(* With <F, G> = sum_ij F_ij G_ij, pairing the equation with F gives
   <F, G> = sum_j (col j F)^T Z (col j F) + sum_i (row i F) Y (row i F)^T
   >= lam frob2 F, while 2 lam <F, G> <= lam^2 frob2 F + frob2 G entrywise. *)
Lemma sylvester_frob2 Y Z F G lam :
  0 < lam -> Y^T = Y -> coercive_mx lam Y -> psd_mx Z ->
  Z *m F + F *m Y = G -> lam ^+ 2 * frob2 F <= frob2 G.
Proof.
move=> lam0 Ysym Ylam Zpsd FG.
pose S := \sum_i \sum_j F i j * G i j.
have SE : S = \sum_j ((col j F)^T *m Z *m col j F) 0 0
            + \sum_i (((row i F)^T)^T *m Y *m (row i F)^T) 0 0.
  rewrite /S -FG.
  under eq_bigr do under eq_bigr do rewrite !mxE mulrDr.
  under eq_bigr do rewrite big_split /=.
  rewrite big_split /=; congr (_ + _).
    rewrite exchange_big; apply: eq_bigr => j _; rewrite qformE.
    apply: eq_bigr => i _; rewrite big_distrr; apply: eq_bigr => k _ /=.
    by rewrite !mxE mulrA.
  apply: eq_bigr => i _; rewrite qformE.
  apply: eq_bigr => j _; rewrite big_distrr; apply: eq_bigr => k _ /=.
  have -> : Y k j = Y j k by rewrite -{1}Ysym mxE.
  by rewrite !mxE; ring.
have lamFS : lam * frob2 F <= S.
  rewrite SE -[lam * _]add0r; apply: lerD; first exact: sumr_ge0.
  rewrite /frob2 mulr_sumr; apply: ler_sum => i _.
  apply: le_trans (Ylam _); rewrite sqnormE.
  by rewrite [in leRHS](eq_bigr (fun j => F i j ^+ 2)) // => j _; rewrite !mxE.
have SFG : 2 * lam * S <= lam ^+ 2 * frob2 F + frob2 G.
  rewrite /S /frob2 !mulr_sumr -big_split; apply: ler_sum => i _ /=.
  rewrite !mulr_sumr -big_split; apply: ler_sum => j _ /=.
  have := sqr_ge0 (lam * F i j - G i j); nra.
nra.
Qed.

Lemma sylvester_mx_norm Y Z F G lam :
  0 < lam -> Y^T = Y -> coercive_mx lam Y -> psd_mx Z ->
  Z *m F + F *m Y = G -> `|F| <= n%:R / lam * `|G|.
Proof.
move=> lam0 Ysym Ylam Zpsd FG.
have : (lam * `|F|) ^+ 2 <= (n%:R * `|G|) ^+ 2.
  rewrite !exprMn (le_trans (ler_wpM2l _ (sqr_mx_norm_le_frob2 F))) ?sqr_ge0 //.
  rewrite (le_trans (sylvester_frob2 lam0 Ysym Ylam Zpsd FG)) //.
  by rewrite (le_trans (frob2_le_sqr_mx_norm G)) // natrM -expr2.
rewrite ler_pXn2r ?nnegrE ?mulr_ge0 ?(ltW lam0) // => lamF.
by rewrite mulrAC ler_pdivlMr // mulrC.
Qed.

Lemma comm_mx_of_comm_sqr X Y lam :
  0 < lam -> Y^T = Y -> coercive_mx lam Y ->
  comm_mx X (Y *m Y) -> comm_mx X Y.
Proof.
move=> lam0 Ysym Ylam XYY.
set E := X *m Y - Y *m X.
have YE : Y *m E + E *m Y = 0.
  rewrite /E mulmxBr mulmxBl !mulmxA -[X *m Y *m Y]mulmxA XYY.
  by rewrite addrA subrK subrr.
have := sylvester_mx_norm lam0 Ysym Ylam (coercive_mx_psd (ltW lam0) Ylam) YE.
by rewrite normr0 mulr0 normr_le0 subr_eq0 => /eqP.
Qed.

Lemma qform_expand Y u w (x : R) : Y^T = Y ->
  ((u + x *: w)^T *m Y *m (u + x *: w)) 0 0 =
  (u^T *m Y *m u) 0 0 + 2 * x * (u^T *m Y *m w) 0 0
  + x ^+ 2 * (w^T *m Y *m w) 0 0.
Proof.
move=> Ysym.
have wYu : w^T *m Y *m u = u^T *m Y *m w.
  rewrite -[in LHS](trmxK u) -{1}Ysym -!trmx_mul mulmxA.
  by apply/matrixP => i j; rewrite !ord1 mxE.
have -> : (u + x *: w)^T = u^T + x *: w^T by apply/matrixP => i j; rewrite !mxE.
rewrite !mulmxDr -!scalemxAr !mulmxDl -!scalemxAl wYu.
by rewrite !mxE; ring.
Qed.

Lemma qform_cauchy_schwarz Y u w : spd_mx Y ->
  ((u^T *m Y *m w) 0 0) ^+ 2 <= (u^T *m Y *m u) 0 0 * (w^T *m Y *m w) 0 0.
Proof.
move=> Yspd; have [Ysym Ypos] := Yspd.
have [->|w0] := eqVneq w 0; first by rewrite !mulmx0 mxE expr0n mulr0.
have c0 := Ypos _ w0.
set a := (u^T *m Y *m u) 0 0; set b := (u^T *m Y *m w) 0 0.
set c := (w^T *m Y *m w) 0 0.
have := spd_mx_psd Yspd (u + (- b / c) *: w); rewrite qform_expand // -/a -/b -/c.
have E : a * c - b ^+ 2 = c * (a + 2 * (- b / c) * b + (- b / c) ^+ 2 * c).
  by field; rewrite gt_eqF.
by move=> q0; rewrite -subr_ge0 E mulr_ge0 // ltW.
Qed.

Lemma qform_le_sum_abs W v :
  (v^T *m W *m v) 0 0 <= (\sum_i \sum_k `|W i k|) * (v^T *m v) 0 0.
Proof.
have sqr_le i : v i 0 ^+ 2 <= (v^T *m v) 0 0.
  by rewrite sqnormE (bigD1 i) //= lerDl sumr_ge0 // => j _; exact: sqr_ge0.
rewrite qformE mulr_suml; apply: ler_sum => i _; rewrite mulr_suml.
apply: ler_sum => k _.
have vik : `|v i 0 * v k 0| <= (v^T *m v) 0 0.
  have := sqr_le i; have := sqr_le k.
  have := sqr_ge0 (v i 0 - v k 0); have := sqr_ge0 (v i 0 + v k 0).
  by rewrite ler_norml; nra.
rewrite [_ * _ * _](_ : _ = W i k * (v i 0 * v k 0)); last by ring.
by rewrite (le_trans (ler_norm _)) // normrM ler_wpM2l.
Qed.

(* With W = Y^-1, Cauchy-Schwarz for the form of Y gives
   |v|^4 = (v^T Y (W v))^2 <= (v^T Y v) (v^T W v) <= (v^T Y v) (sum |W i k|) |v|^2. *)
Lemma spd_mx_coercive Y : spd_mx Y -> Y \in unitmx ->
  exists2 lam : R, 0 < lam & coercive_mx lam Y.
Proof.
move=> Yspd Yunit; have Ysym := Yspd.1.
set W := invmx Y; set K := \sum_i \sum_k `|W i k|.
have K0 : 0 <= K by apply: sumr_ge0 => i _; exact: sumr_ge0.
exists (K + 1)^-1; first by rewrite invr_gt0 ltr_pwDr.
move=> v; have := qform_cauchy_schwarz v (W *m v) Yspd.
have -> : v^T *m Y *m (W *m v) = v^T *m v.
  by rewrite !mulmxA -[v^T *m Y *m W]mulmxA mulmxV // mulmx1.
have -> : (W *m v)^T *m Y *m (W *m v) = v^T *m W *m v.
  by rewrite trmx_mul trmx_inv Ysym -!mulmxA [Y *m (W *m v)]mulmxA mulmxV // mul1mx.
have := qform_le_sum_abs W v; rewrite -/K.
have := spd_mx_psd Yspd v; have := sqnorm_ge0 v.
set a := (v^T *m v) 0 0; set q := (v^T *m Y *m v) 0 0 => a0 q0 Wv CS.
rewrite mulrC ler_pdivrMr ?ltr_pwDr //.
have [-> | a_neq0] := eqVneq a 0; first by rewrite mulr_ge0 ?addr_ge0.
have a_gt0 : 0 < a by rewrite lt_def a_neq0.
have : a ^+ 2 <= q * (K * a) by apply: (le_trans CS); apply: ler_wpM2l.
nra.
Qed.

End QuadraticForm.

Section LinearRate.
Variables (R : realType) (P : set R).

Definition is_O_s (V : normedModType R) (f : R -> V) :=
  exists C : R, forall s, P s -> `|f s| <= C * `|s|.

Definition bounded_on (V : normedModType R) (f : R -> V) :=
  exists M : R, forall s, P s -> `|f s| <= M.

Lemma is_O_s_le (U V : normedModType R) (f : R -> U) (g : R -> V) (k : R) :
  (forall s, P s -> `|f s| <= k * `|g s|) -> is_O_s g -> is_O_s f.
Proof.
move=> fg [C gC]; exists (`|k| * C) => s Ps.
rewrite (le_trans (fg s Ps)) // -mulrA.
by rewrite (le_trans (ler_wpM2r _ (ler_norm k))) ?ler_wpM2l ?gC.
Qed.

Lemma eq_is_O_s (V : normedModType R) (f g : R -> V) :
  (forall s, P s -> f s = g s) -> is_O_s g -> is_O_s f.
Proof. by move=> fg; apply: (is_O_s_le (k := 1)) => s Ps; rewrite fg // mul1r. Qed.

Lemma is_O_sD (V : normedModType R) (f g : R -> V) :
  is_O_s f -> is_O_s g -> is_O_s (fun s => f s + g s).
Proof.
move=> [C fC] [C' gC']; exists (C + C') => s Ps.
by rewrite mulrDl (le_trans (ler_normD _ _)) // lerD ?fC ?gC'.
Qed.

Lemma is_O_sN (V : normedModType R) (f : R -> V) :
  is_O_s f -> is_O_s (fun s => - f s).
Proof. by move=> [C fC]; exists C => s Ps; rewrite normrN fC. Qed.

Lemma is_O_sZ (V : normedModType R) (f : R -> V) :
  bounded_on f -> is_O_s (fun s => s *: f s).
Proof. by move=> [M fM]; exists M => s Ps; rewrite normrZ mulrC ler_wpM2r ?fM. Qed.

Lemma bounded_on_cst (V : normedModType R) (x : V) : bounded_on (fun=> x).
Proof. by exists `|x|. Qed.

Lemma bounded_onD (V : normedModType R) (f g : R -> V) :
  bounded_on f -> bounded_on g -> bounded_on (fun s => f s + g s).
Proof.
move=> [M fM] [M' gM']; exists (M + M') => s Ps.
by rewrite (le_trans (ler_normD _ _)) // lerD ?fM ?gM'.
Qed.

Lemma is_O_s_bounded_on (V : normedModType R) (f : R -> V) (r : R) :
  (forall s, P s -> `|s| <= r) -> is_O_s f -> bounded_on f.
Proof.
move=> Pr [C fC]; exists (`|C| * r) => s Ps.
rewrite (le_trans (fC s Ps)) // (le_trans (ler_wpM2r _ (ler_norm C))) //.
by rewrite ler_wpM2l ?Pr.
Qed.

Lemma is_O_s_mulmxl m n p (f : R -> 'M[R]_(m, n)) (g : R -> 'M[R]_(n, p)) :
  bounded_on f -> is_O_s g -> is_O_s (fun s => f s *m g s).
Proof.
move=> [M fM] [C gC]; exists (n%:R * M * C) => s Ps.
have M0 : 0 <= M by rewrite (le_trans _ (fM s Ps)).
rewrite (le_trans (mx_norm_mul _ _)) // -!mulrA ler_wpM2l //.
by apply: ler_pM => //; [exact: fM | exact: gC].
Qed.

Lemma is_O_s_mulmxr m n p (f : R -> 'M[R]_(m, n)) (g : R -> 'M[R]_(n, p)) :
  is_O_s f -> bounded_on g -> is_O_s (fun s => f s *m g s).
Proof.
move=> [C fC] [M gM]; exists (n%:R * M * C) => s Ps.
have M0 : 0 <= M by rewrite (le_trans _ (gM s Ps)).
rewrite (le_trans (mx_norm_mul _ _)) // -!mulrA ler_wpM2l //.
by rewrite (le_trans (ler_pM _ _ (fC s Ps) (gM s Ps))) // mulrC.
Qed.

Lemma is_O_s_cvg (V : normedModType R) (f : R -> V) (l : V) :
  is_O_s (fun s => f s - l) -> f @ within P (nbhs (0 : R)) --> l.
Proof.
move=> [C fC]; apply/cvgrPdist_le => e e0.
have C1 : 0 < `|C| + 1 by rewrite ltr_pwDr.
rewrite near_withinE; near=> s => Ps.
rewrite distrC (le_trans (fC s Ps)) //.
rewrite (@le_trans _ _ ((`|C| + 1) * `|s|)) //.
  by rewrite ler_wpM2r // (le_trans (ler_norm C)) // lerDl.
rewrite -ler_pdivlMl //; near: s.
by apply: (@nbhs0_le R R^o); rewrite mulr_gt0 ?invr_gt0.
Unshelve. all: by end_near. Qed.

End LinearRate.

Section Window.
Variable R : realType.

Definition window (a b t : R) : set R := [set s | s != 0 /\ a <= t + s <= b].

Definition diff_quot (V : normedModType R) (f : R -> V) (t s : R) : V :=
  s^-1 *: (f (t + s) - f t).

Lemma window_norm_le a b t :
  a <= t <= b -> forall s, window a b t s -> `|s| <= b - a.
Proof.
move=> /andP[? ?] s [_ /andP[? ?]].
by rewrite ler_norml; apply/andP; split; lra.
Qed.

Lemma is_deriv_within_of_O_s (V : normedModType R) a b (f : R -> V) t df :
  is_O_s (window a b t) (fun s => diff_quot f t s - df) ->
  is_deriv_within a b f t df.
Proof. exact: is_O_s_cvg. Qed.

Lemma is_O_s_incr (V : normedModType R) a b (f : R -> V) t df :
  a <= t <= b -> is_O_s (window a b t) (fun s => diff_quot f t s - df) ->
  is_O_s (window a b t) (fun s => f (t + s) - f t).
Proof.
move=> ht fdf.
apply: (eq_is_O_s (g := fun s => s *: (diff_quot f t s - df + df))).
  by move=> s [s0 _]; rewrite subrK /diff_quot scalerA divff // scale1r.
apply/is_O_sZ/bounded_onD; last exact: bounded_on_cst.
exact: is_O_s_bounded_on (window_norm_le ht) fdf.
Qed.

End Window.

Section SquareRootPath.
Variables (R : realType) (n : nat) (a b t : R) (Y : R -> 'M[R]_n) (P1 P2 D : 'M[R]_n).
Hypotheses (ht : a <= t <= b) (Yspd : forall u, a <= u <= b -> spd_mx (Y u))
  (Yt_unit : Y t \in unitmx)
  (Ysqr : forall s, window a b t s ->
     Y (t + s) *m Y (t + s) - Y t *m Y t = s *: P1 + s ^+ 2 *: P2)
  (YD : Y t *m D + D *m Y t = P1).

Lemma sylvester_is_O_s (F G : R -> 'M[R]_n) :
  (forall s, window a b t s -> Y (t + s) *m F s + F s *m Y t = G s) ->
  is_O_s (window a b t) G -> is_O_s (window a b t) F.
Proof.
move=> FG; have [lam lam0 Ylam] := spd_mx_coercive (Yspd ht) Yt_unit.
apply: (is_O_s_le (k := n%:R / lam)) => s Ps.
apply: (sylvester_mx_norm lam0 (Yspd ht).1 Ylam _ (FG s Ps)).
exact/spd_mx_psd/Yspd/Ps.2.
Qed.

Lemma sqrt_path_incr : is_O_s (window a b t) (fun s => Y (t + s) - Y t).
Proof.
apply: (sylvester_is_O_s (G := fun s => s *: P1 + s *: (s *: P2))).
  by move=> s Ps; rewrite mulmxBr mulmxBl addrA subrK Ysqr // scalerA -expr2.
apply: is_O_sD; apply: is_O_sZ; first exact: bounded_on_cst.
exists ((b - a) * `|P2|) => s Ps.
by rewrite normrZ ler_wpM2r // (window_norm_le ht).
Qed.

Lemma sqrt_path_deriv : is_O_s (window a b t) (fun s => diff_quot Y t s - D).
Proof.
apply: (sylvester_is_O_s (G := fun s => s *: P2 - (Y (t + s) - Y t) *m D)).
  move=> s Ps; have [s0 _] := Ps; set X := Y (t + s) - Y t.
  have YX : Y (t + s) *m X + X *m Y t = s *: P1 + s ^+ 2 *: P2.
    by rewrite mulmxBr mulmxBl addrA subrK Ysqr.
  have Y1D : Y (t + s) *m D + D *m Y t = X *m D + P1.
    by rewrite -YD mulmxBl addrA subrK.
  rewrite /diff_quot -/X mulmxBr mulmxBl -scalemxAr -scalemxAl addrACA -opprD.
  rewrite -scalerDr YX Y1D scalerDr !scalerA mulVf // expr2 mulKf //.
  by apply/matrixP => i j; rewrite !mxE; ring.
apply: is_O_sD; first exact/is_O_sZ/bounded_on_cst.
by apply/is_O_sN/is_O_s_mulmxr; [exact: sqrt_path_incr | exact: bounded_on_cst].
Qed.

End SquareRootPath.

Aim of the exercise → Using the entries above, give back exactly the line containing "Definition window (a", the line containing "Variables (R : realType) (n", and every line between them, and nothing else.

Output below →
Definition window (a b t : R) : set R := [set s | s != 0 /\ a <= t + s <= b].

Definition diff_quot (V : normedModType R) (f : R -> V) (t s : R) : V :=
  s^-1 *: (f (t + s) - f t).

Lemma window_norm_le a b t :
  a <= t <= b -> forall s, window a b t s -> `|s| <= b - a.
Proof.
move=> /andP[? ?] s [_ /andP[? ?]].
by rewrite ler_norml; apply/andP; split; lra.
Qed.

Lemma is_deriv_within_of_O_s (V : normedModType R) a b (f : R -> V) t df :
  is_O_s (window a b t) (fun s => diff_quot f t s - df) ->
  is_deriv_within a b f t df.
Proof. exact: is_O_s_cvg. Qed.

Lemma is_O_s_incr (V : normedModType R) a b (f : R -> V) t df :
  a <= t <= b -> is_O_s (window a b t) (fun s => diff_quot f t s - df) ->
  is_O_s (window a b t) (fun s => f (t + s) - f t).
Proof.
move=> ht fdf.
apply: (eq_is_O_s (g := fun s => s *: (diff_quot f t s - df + df))).
  by move=> s [s0 _]; rewrite subrK /diff_quot scalerA divff // scale1r.
apply/is_O_sZ/bounded_onD; last exact: bounded_on_cst.
exact: is_O_s_bounded_on (window_norm_le ht) fdf.
Qed.

End Window.

Section SquareRootPath.
Variables (R : realType) (n : nat) (a b t : R) (Y : R -> 'M[R]_n) (P1 P2 D : 'M[R]_n).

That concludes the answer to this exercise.